▶ WHAT THIS TASK INVOLVES
Take the lines below beginning at the line that has "finitely-valued coordinates, by" and stopping after the line that has "(* [iter_expect L", and print them exactly as they are, with no other lines.

▶ DATA SHOWN
-----
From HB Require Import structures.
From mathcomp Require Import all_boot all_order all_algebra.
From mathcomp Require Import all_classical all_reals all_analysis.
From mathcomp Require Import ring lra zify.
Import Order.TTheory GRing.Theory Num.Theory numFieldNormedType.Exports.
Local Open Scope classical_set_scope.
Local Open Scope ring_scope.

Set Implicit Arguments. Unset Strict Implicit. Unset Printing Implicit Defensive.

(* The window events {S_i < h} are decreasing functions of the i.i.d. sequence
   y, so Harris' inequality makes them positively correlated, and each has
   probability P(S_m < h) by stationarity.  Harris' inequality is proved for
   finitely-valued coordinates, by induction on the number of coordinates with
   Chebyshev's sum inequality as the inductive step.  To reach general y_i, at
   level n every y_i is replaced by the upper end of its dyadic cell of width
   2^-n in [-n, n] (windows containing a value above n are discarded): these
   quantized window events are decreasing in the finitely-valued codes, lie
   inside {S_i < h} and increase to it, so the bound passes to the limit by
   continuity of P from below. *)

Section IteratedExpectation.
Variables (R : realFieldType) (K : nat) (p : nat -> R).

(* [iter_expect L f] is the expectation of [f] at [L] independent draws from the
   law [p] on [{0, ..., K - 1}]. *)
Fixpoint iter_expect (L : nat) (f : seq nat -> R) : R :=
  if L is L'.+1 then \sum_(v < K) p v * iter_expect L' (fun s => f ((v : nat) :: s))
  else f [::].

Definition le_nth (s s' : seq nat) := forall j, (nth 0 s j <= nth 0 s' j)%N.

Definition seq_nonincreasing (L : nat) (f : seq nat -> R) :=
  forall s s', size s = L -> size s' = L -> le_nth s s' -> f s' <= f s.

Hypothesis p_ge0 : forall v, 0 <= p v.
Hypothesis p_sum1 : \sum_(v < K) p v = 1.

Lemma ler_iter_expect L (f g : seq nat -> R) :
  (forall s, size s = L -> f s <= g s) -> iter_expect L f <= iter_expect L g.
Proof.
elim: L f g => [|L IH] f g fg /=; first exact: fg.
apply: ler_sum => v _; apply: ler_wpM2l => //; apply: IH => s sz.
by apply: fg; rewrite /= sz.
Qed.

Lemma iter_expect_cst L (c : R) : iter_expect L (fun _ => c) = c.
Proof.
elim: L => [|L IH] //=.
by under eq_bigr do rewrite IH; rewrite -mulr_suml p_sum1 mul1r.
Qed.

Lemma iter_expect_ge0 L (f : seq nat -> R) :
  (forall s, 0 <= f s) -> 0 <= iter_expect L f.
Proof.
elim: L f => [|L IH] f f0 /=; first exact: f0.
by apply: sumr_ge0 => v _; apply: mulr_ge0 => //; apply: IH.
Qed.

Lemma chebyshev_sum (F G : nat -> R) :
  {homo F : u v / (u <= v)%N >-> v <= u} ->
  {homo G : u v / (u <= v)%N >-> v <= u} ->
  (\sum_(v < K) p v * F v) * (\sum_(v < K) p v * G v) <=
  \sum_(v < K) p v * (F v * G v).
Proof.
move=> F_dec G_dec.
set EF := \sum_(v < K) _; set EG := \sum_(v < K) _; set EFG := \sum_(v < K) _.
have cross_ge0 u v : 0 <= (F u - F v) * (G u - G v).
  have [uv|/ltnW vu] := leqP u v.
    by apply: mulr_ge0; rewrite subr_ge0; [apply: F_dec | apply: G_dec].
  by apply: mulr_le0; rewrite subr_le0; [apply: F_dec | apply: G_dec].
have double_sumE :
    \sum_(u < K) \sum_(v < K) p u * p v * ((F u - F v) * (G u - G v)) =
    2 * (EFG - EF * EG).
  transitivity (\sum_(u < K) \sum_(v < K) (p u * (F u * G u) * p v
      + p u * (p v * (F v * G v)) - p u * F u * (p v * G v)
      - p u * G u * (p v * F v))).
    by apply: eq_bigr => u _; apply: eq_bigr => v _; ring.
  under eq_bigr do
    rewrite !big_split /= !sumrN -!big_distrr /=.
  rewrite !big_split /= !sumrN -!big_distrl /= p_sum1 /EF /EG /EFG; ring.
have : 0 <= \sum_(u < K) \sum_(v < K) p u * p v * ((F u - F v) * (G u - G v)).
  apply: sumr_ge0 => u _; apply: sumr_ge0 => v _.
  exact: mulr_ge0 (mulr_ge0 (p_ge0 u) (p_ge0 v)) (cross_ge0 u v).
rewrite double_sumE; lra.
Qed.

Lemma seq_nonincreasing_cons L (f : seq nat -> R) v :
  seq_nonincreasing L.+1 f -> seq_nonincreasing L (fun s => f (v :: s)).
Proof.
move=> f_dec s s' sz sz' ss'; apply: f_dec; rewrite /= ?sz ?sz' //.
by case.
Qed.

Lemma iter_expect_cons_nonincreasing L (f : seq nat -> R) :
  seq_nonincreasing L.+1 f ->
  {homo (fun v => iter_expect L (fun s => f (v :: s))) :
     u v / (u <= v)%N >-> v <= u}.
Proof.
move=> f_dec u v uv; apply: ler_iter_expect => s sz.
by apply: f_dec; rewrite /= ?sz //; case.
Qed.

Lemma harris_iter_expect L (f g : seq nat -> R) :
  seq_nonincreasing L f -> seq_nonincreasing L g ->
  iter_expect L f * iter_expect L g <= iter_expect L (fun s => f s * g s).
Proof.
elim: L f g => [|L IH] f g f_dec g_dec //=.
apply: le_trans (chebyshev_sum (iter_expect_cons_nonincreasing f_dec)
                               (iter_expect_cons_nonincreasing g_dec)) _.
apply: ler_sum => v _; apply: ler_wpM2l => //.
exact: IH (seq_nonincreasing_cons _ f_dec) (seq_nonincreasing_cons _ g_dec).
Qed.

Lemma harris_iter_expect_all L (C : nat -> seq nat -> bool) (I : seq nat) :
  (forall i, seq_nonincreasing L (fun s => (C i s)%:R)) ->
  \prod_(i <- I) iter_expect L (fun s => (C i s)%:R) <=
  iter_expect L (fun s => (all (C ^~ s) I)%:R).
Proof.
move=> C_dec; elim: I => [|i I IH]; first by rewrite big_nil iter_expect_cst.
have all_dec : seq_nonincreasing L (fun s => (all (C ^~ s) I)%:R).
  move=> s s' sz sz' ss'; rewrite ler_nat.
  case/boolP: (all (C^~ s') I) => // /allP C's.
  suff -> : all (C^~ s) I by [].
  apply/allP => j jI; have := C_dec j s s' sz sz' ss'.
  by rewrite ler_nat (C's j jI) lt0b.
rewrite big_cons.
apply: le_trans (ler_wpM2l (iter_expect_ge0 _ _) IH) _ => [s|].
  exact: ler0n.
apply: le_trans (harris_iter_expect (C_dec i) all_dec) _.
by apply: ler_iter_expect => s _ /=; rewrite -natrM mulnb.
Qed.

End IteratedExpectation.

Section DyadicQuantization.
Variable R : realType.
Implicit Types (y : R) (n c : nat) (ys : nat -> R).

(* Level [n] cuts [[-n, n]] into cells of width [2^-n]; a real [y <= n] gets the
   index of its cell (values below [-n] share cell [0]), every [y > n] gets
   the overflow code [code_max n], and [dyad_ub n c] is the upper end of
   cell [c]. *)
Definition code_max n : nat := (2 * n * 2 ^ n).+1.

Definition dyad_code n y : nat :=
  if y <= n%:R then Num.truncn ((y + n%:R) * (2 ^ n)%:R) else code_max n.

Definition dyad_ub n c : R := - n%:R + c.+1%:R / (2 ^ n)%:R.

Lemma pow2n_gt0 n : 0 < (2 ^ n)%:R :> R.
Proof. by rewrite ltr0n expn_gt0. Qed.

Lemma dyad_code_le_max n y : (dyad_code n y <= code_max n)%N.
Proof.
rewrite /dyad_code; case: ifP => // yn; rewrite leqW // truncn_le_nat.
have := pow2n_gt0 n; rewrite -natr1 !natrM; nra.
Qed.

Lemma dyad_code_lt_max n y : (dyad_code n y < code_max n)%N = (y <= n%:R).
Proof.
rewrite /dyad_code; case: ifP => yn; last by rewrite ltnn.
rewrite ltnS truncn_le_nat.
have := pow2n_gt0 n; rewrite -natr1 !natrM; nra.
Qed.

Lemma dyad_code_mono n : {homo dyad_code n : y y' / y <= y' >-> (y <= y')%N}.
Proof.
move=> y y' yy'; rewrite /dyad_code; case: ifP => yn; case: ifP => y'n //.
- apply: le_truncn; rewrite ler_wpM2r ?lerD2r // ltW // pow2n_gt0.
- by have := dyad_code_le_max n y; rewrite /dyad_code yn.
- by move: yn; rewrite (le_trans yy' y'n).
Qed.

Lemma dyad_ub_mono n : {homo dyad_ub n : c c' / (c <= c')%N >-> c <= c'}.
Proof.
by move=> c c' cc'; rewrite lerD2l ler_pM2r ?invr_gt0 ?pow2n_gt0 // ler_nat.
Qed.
-----
▶ OUTPUT FOR THIS TASK
   finitely-valued coordinates, by induction on the number of coordinates with
   Chebyshev's sum inequality as the inductive step.  To reach general y_i, at
   level n every y_i is replaced by the upper end of its dyadic cell of width
   2^-n in [-n, n] (windows containing a value above n are discarded): these
   quantized window events are decreasing in the finitely-valued codes, lie
   inside {S_i < h} and increase to it, so the bound passes to the limit by
   continuity of P from below. *)

Section IteratedExpectation.
Variables (R : realFieldType) (K : nat) (p : nat -> R).

(* [iter_expect L f] is the expectation of [f] at [L] independent draws from the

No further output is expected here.